*** Opening of RECORDS TO PROCESS ***

Lemma alg_invariant_all k : (k <= n)%N -> alg_invariant k.
Proof.
elim: k => [|k IH] le_kn; first exact: alg_invariant0.
exact: alg_invariantS (IH (ltnW le_kn)).
Qed.

Lemma present_distinct (i j : 'I_n) t : i != j ->
  present s d i t -> present s d j t -> X i <> X j.
Proof.
wlog lt_ji : i j / (j < i)%N.
  move=> hwlog ne pi pj; case: (ltngtP i j) => [lt_ij|lt_ji|eq_ij].
  - by apply/nesym; apply: hwlog; rewrite // eq_sym.
  - exact: hwlog.
  - by move: ne; rewrite (val_inj eq_ij) eqxx.
move=> _ /andP[si it] /andP[sj jt] Xij; have := alg i; rewrite /alg_step.
case=> [[_ [_ not_occ]]|[[_ [_ [k' [Xi unused _]]]]|[_ [_ [a [b [[_ _ ab empty] _ Xi]]]]]]].
- by apply: not_occ; exists j; split; [exact: lt_ji | exact: le_trans si jt | rewrite Xij].
- by apply: unused; exists j; split => //; rewrite -Xij.
- by apply: (empty j lt_ji); rewrite -Xij Xi; apply/andP; split; lra.
Qed.

(* Before [Q] is used up, at most [r] points can be present at a time. *)
Lemma Q_used_all : Q_used n.
Proof.
apply: contrapT => Q_partial; have [_ _ /(_ Q_partial) Qsub] := alg_invariant_all (leqnn n).
have [t _ r_lt_load] := busy; move: r_lt_load; apply/negP; rewrite -leqNgt loadE.
have /choice[f fP] : forall j : 'I_n, exists q : 'I_r, X j = Qpt R q.
  by move=> j; apply: Qsub; exists j.
rewrite -[X in (_ <= X)%N]card_ord; apply: (@leq_card_in _ _ f) => j1 j2.
rewrite !inE => p1 p2 f12; apply/eqP; apply: contraT => ne.
by case: (present_distinct ne p1 p2); rewrite !fP f12.
Qed.

Lemma objective_ge (delta : R) : in01 (used_upto n) ->
  (forall x y, (x = 0 \/ used_upto n x) -> (y = 1 \/ used_upto n y) -> x < y ->
     delta <= y - x) ->
  (delta%:E <= objective s d X)%E.
Proof.
move=> h01 sep; apply/ereal_infP => _ [t _ <-].
apply: le_bigmin => [|i pi]; first exact: leey.
have used_i : used_upto n (X i) by exists i.
have /andP[Xi0 Xi1] := h01 _ used_i.
rewrite le_min; apply/andP; split.
  have Xi1' : X i - 1 <= 0 by lra.
  rewrite lee_fin /dist_bd le_min subr0 (ger0_norm (ltW Xi0)) (ler0_norm Xi1') opprB.
  apply/andP; split; first by have := sep 0 _ (or_introl erefl) (or_intror used_i) Xi0; rewrite subr0.
  exact: sep (or_intror used_i) (or_introl erefl) Xi1.
apply: le_bigmin => [|j /andP[pj ne]]; first exact: leey.
have used_j : used_upto n (X j) by exists j.
rewrite lee_fin; have [lt_ij|lt_ji|eq_ij] := ltgtP (X i) (X j).
- by rewrite distrC ger0_norm ?subr_ge0 ?(ltW lt_ij) //; exact: sep (or_intror used_i) (or_intror used_j) lt_ij.
- by rewrite ger0_norm ?subr_ge0 ?(ltW lt_ji) //; exact: sep (or_intror used_j) (or_intror used_i) lt_ji.
- by case: (present_distinct _ pi pj eq_ij); rewrite eq_sym.
Qed.

End OnlineAlgorithm.

Unset Implicit Arguments.

Theorem lemma1 (R : realType) (r : nat) (tau : 'S_r) (n : nat)
    (s d X : 'I_n -> R) :
  (0 < r)%N ->
  instance s d ->
  (exists2 t : R, t <= horizon d & (r < load s d t)%N) ->
  alg_output tau s d X ->
  (OPT_A s d <= (2 * sigma R r)%:E * objective s d X)%E.
Proof.
move=> r_gt0 inst busy alg.
have [h01 gaps_inv _] := alg_invariant_all r_gt0 inst alg busy (leqnn n).
have [gs [J [E inv]]] := gaps_inv (Q_used_all r_gt0 inst alg busy).
have g_gt0 := max_gap_gt0 inv.
have obj_ge : ((max_gap gs / 2)%:E <= objective s d X)%E.
  apply: (objective_ge alg h01); apply: (gap_invariant_sep inv) => p p_in.
  by have := max_gap_le_double inv p_in; lra.
apply: le_trans (OPT_A_le_inv_size inv busy) _.
apply: le_trans (lee_wpmul2l _ obj_ge); last by rewrite lee_fin mulr_ge0 // ltW // sigma_gt0.
rewrite -EFinM lee_fin.
have -> : 2 * sigma R r * (max_gap gs / 2) = ((sigma R r * max_gap gs)^-1)^-1.
  by rewrite invrK; field.
rewrite lef_pV2 ?posrE ?invr_gt0 ?mulr_gt0 ?ltr0n ?sigma_gt0 ?(gap_invariant_size_gt0 inv) //.
exact: gap_invariant_size_ge inv.
Qed.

*** Close of RECORDS TO PROCESS ***

[ASSIGNED TASK] The listing above is to be written out again word for word.

[SOLUTION TO THIS PROBLEM]
Lemma alg_invariant_all k : (k <= n)%N -> alg_invariant k.
Proof.
elim: k => [|k IH] le_kn; first exact: alg_invariant0.
exact: alg_invariantS (IH (ltnW le_kn)).
Qed.

Lemma present_distinct (i j : 'I_n) t : i != j ->
  present s d i t -> present s d j t -> X i <> X j.
Proof.
wlog lt_ji : i j / (j < i)%N.
  move=> hwlog ne pi pj; case: (ltngtP i j) => [lt_ij|lt_ji|eq_ij].
  - by apply/nesym; apply: hwlog; rewrite // eq_sym.
  - exact: hwlog.
  - by move: ne; rewrite (val_inj eq_ij) eqxx.
move=> _ /andP[si it] /andP[sj jt] Xij; have := alg i; rewrite /alg_step.
case=> [[_ [_ not_occ]]|[[_ [_ [k' [Xi unused _]]]]|[_ [_ [a [b [[_ _ ab empty] _ Xi]]]]]]].
- by apply: not_occ; exists j; split; [exact: lt_ji | exact: le_trans si jt | rewrite Xij].
- by apply: unused; exists j; split => //; rewrite -Xij.
- by apply: (empty j lt_ji); rewrite -Xij Xi; apply/andP; split; lra.
Qed.

(* Before [Q] is used up, at most [r] points can be present at a time. *)
Lemma Q_used_all : Q_used n.
Proof.
apply: contrapT => Q_partial; have [_ _ /(_ Q_partial) Qsub] := alg_invariant_all (leqnn n).
have [t _ r_lt_load] := busy; move: r_lt_load; apply/negP; rewrite -leqNgt loadE.
have /choice[f fP] : forall j : 'I_n, exists q : 'I_r, X j = Qpt R q.
  by move=> j; apply: Qsub; exists j.
rewrite -[X in (_ <= X)%N]card_ord; apply: (@leq_card_in _ _ f) => j1 j2.
rewrite !inE => p1 p2 f12; apply/eqP; apply: contraT => ne.
by case: (present_distinct ne p1 p2); rewrite !fP f12.
Qed.

Lemma objective_ge (delta : R) : in01 (used_upto n) ->
  (forall x y, (x = 0 \/ used_upto n x) -> (y = 1 \/ used_upto n y) -> x < y ->
     delta <= y - x) ->
  (delta%:E <= objective s d X)%E.
Proof.
move=> h01 sep; apply/ereal_infP => _ [t _ <-].
apply: le_bigmin => [|i pi]; first exact: leey.
have used_i : used_upto n (X i) by exists i.
have /andP[Xi0 Xi1] := h01 _ used_i.
rewrite le_min; apply/andP; split.
  have Xi1' : X i - 1 <= 0 by lra.
  rewrite lee_fin /dist_bd le_min subr0 (ger0_norm (ltW Xi0)) (ler0_norm Xi1') opprB.
  apply/andP; split; first by have := sep 0 _ (or_introl erefl) (or_intror used_i) Xi0; rewrite subr0.
  exact: sep (or_intror used_i) (or_introl erefl) Xi1.
apply: le_bigmin => [|j /andP[pj ne]]; first exact: leey.
have used_j : used_upto n (X j) by exists j.
rewrite lee_fin; have [lt_ij|lt_ji|eq_ij] := ltgtP (X i) (X j).
- by rewrite distrC ger0_norm ?subr_ge0 ?(ltW lt_ij) //; exact: sep (or_intror used_i) (or_intror used_j) lt_ij.
- by rewrite ger0_norm ?subr_ge0 ?(ltW lt_ji) //; exact: sep (or_intror used_j) (or_intror used_i) lt_ji.
- by case: (present_distinct _ pi pj eq_ij); rewrite eq_sym.
Qed.

End OnlineAlgorithm.

Unset Implicit Arguments.

Theorem lemma1 (R : realType) (r : nat) (tau : 'S_r) (n : nat)
    (s d X : 'I_n -> R) :
  (0 < r)%N ->
  instance s d ->
  (exists2 t : R, t <= horizon d & (r < load s d t)%N) ->
  alg_output tau s d X ->
  (OPT_A s d <= (2 * sigma R r)%:E * objective s d X)%E.
Proof.
move=> r_gt0 inst busy alg.
have [h01 gaps_inv _] := alg_invariant_all r_gt0 inst alg busy (leqnn n).
have [gs [J [E inv]]] := gaps_inv (Q_used_all r_gt0 inst alg busy).
have g_gt0 := max_gap_gt0 inv.
have obj_ge : ((max_gap gs / 2)%:E <= objective s d X)%E.
  apply: (objective_ge alg h01); apply: (gap_invariant_sep inv) => p p_in.
  by have := max_gap_le_double inv p_in; lra.
apply: le_trans (OPT_A_le_inv_size inv busy) _.
apply: le_trans (lee_wpmul2l _ obj_ge); last by rewrite lee_fin mulr_ge0 // ltW // sigma_gt0.
rewrite -EFinM lee_fin.
have -> : 2 * sigma R r * (max_gap gs / 2) = ((sigma R r * max_gap gs)^-1)^-1.
  by rewrite invrK; field.
rewrite lef_pV2 ?posrE ?invr_gt0 ?mulr_gt0 ?ltr0n ?sigma_gt0 ?(gap_invariant_size_gt0 inv) //.
exact: gap_invariant_size_ge inv.
Qed.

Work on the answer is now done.